The orchestration layer was supposed to solve this, but he notes that orchestration players are far outgunned — in both funding and capability — by the frontier model companies themselves. In that asymmetric landscape, the question of who stores context remains genuinely open.

Three Postures Toward Transformation. Two Are Wrong.

He uses self-driving cars to describe the three strategies companies take toward AI.

The Waymo approach: start from zero, no driver, every edge case is training data, the goal is full autonomy. The corporate equivalent is what Brian Armstrong and Jack Dorsey are doing — cut 30-40% of staff, rebuild with AI-native people.

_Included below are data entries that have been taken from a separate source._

Lemma matching_invP m : matching_inv m ->
  [/\ forall z, m (m z) = z, forall z, m z != z & forall z, g z (m z)].
Proof.
by move/forallP=> H; split=> z; case/and3P: (H z) => /eqP.
Qed.

Lemma set2_mem_eq (a b z w : T) : z \in [set a; b] -> w \in [set a; b] -> z != w ->
  [set a; b] = [set z; w].
Proof.
by case/set2P=> -> /set2P [] -> //; rewrite ?eqxx // => _; rewrite setUC.
Qed.

Lemma pair_of_mem m a w : matching_inv m -> w \in [set a; m a] ->
  [set a; m a] = [set w; m w].
Proof.
by case/matching_invP=> mK _ _ /set2P [] -> //; rewrite mK setUC.
Qed.

Lemma pairs_of_perfect m : matching_inv m -> is_perfect_matching g (pairs_of m).
Proof.
move=> mm; have [mK mfree medge] := matching_invP mm.
apply/andP; split.
  apply/forallP=> A; apply/implyP=> /imsetP [z _ ->].
  by apply/existsP; exists z; apply/existsP; exists (m z); rewrite eqxx eq_sym mfree medge.
apply/and3P; split.
- apply/eqP/setP=> w; rewrite in_setT; apply/bigcupP; exists [set w; m w].
    by apply/imsetP; exists w.
  by rewrite set21.
- apply/trivIsetP=> A B /imsetP [a _ ->] /imsetP [b _ ->] neq.
  rewrite -setI_eq0; apply/eqP/setP=> w; rewrite in_set0 in_setI.
  apply/negbTE/negP=> /andP [wa wb].
  by move: neq; rewrite (pair_of_mem mm wa) (pair_of_mem mm wb) eqxx.
- apply/negP=> /imsetP [a _ a0].
  by have := set21 a (m a); rewrite -a0 in_set0.
Qed.

Lemma pairs_of_inj m1 m2 : matching_inv m1 -> matching_inv m2 ->
  pairs_of m1 = pairs_of m2 -> m1 = m2.
Proof.
move=> mm1 mm2 E; have [_ m1free _] := matching_invP mm1.
apply/ffunP=> z.
have : [set z; m1 z] \in pairs_of m2 by rewrite -E; apply/imsetP; exists z.
case/imsetP=> w _ H.
have zw : z \in [set w; m2 w] by rewrite -H set21.
rewrite (pair_of_mem mm2 zw) in H.
have : m1 z \in [set z; m2 z] by rewrite -H set22.
by case/set2P=> // h; move: (m1free z); rewrite h eqxx.
Qed.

The Tesla approach: staged automation. Get highways working first, then tackle complex conditions incrementally. This is what Palo Alto Networks is doing: hire only through hackathons, use natural attrition (roughly 2% per month) to gradually refresh the talent base, and achieve a 20-25% workforce turnover over three years.

The legacy automaker approach: add some AI features to existing products, slap a label on it, say "we're doing AI too."

He's explicit: Tesla's approach is acceptable. The legacy automaker approach is not. The difference is that Tesla's approach delivers real AI capability improvements at every stage. The legacy approach is just AI washing.

"Miss Three Opportunities and You're Out"

When asked what mainstream Silicon Valley gets wrong, he says his concern is the combination of FOMO and euphoria causing bad judgment — "if I don't invest in this interesting thing right now, I'll get left behind."

He uses Anthropic as an illustration of how the windows are shrinking: you had 20 years to invest in SpaceX; with Anthropic you had 3. People who missed Anthropic's early rounds are now paying the price in other ways, and that makes every new project feel like it could be the next Anthropic — so decisions get made before there's enough information.

His own read on SaaS valuations: the market pressure is real, but the AI application layer hasn't matured enough to replace the entire SaaS ecosystem, so the current pricing chaos reflects genuine uncertainty, not just a preview of the endgame.

"You miss one opportunity, you can survive. Miss two, you start to hurt. Miss three, you might be out."

Many SaaS vendors are at position two right now — not yet eliminated, but already under pressure.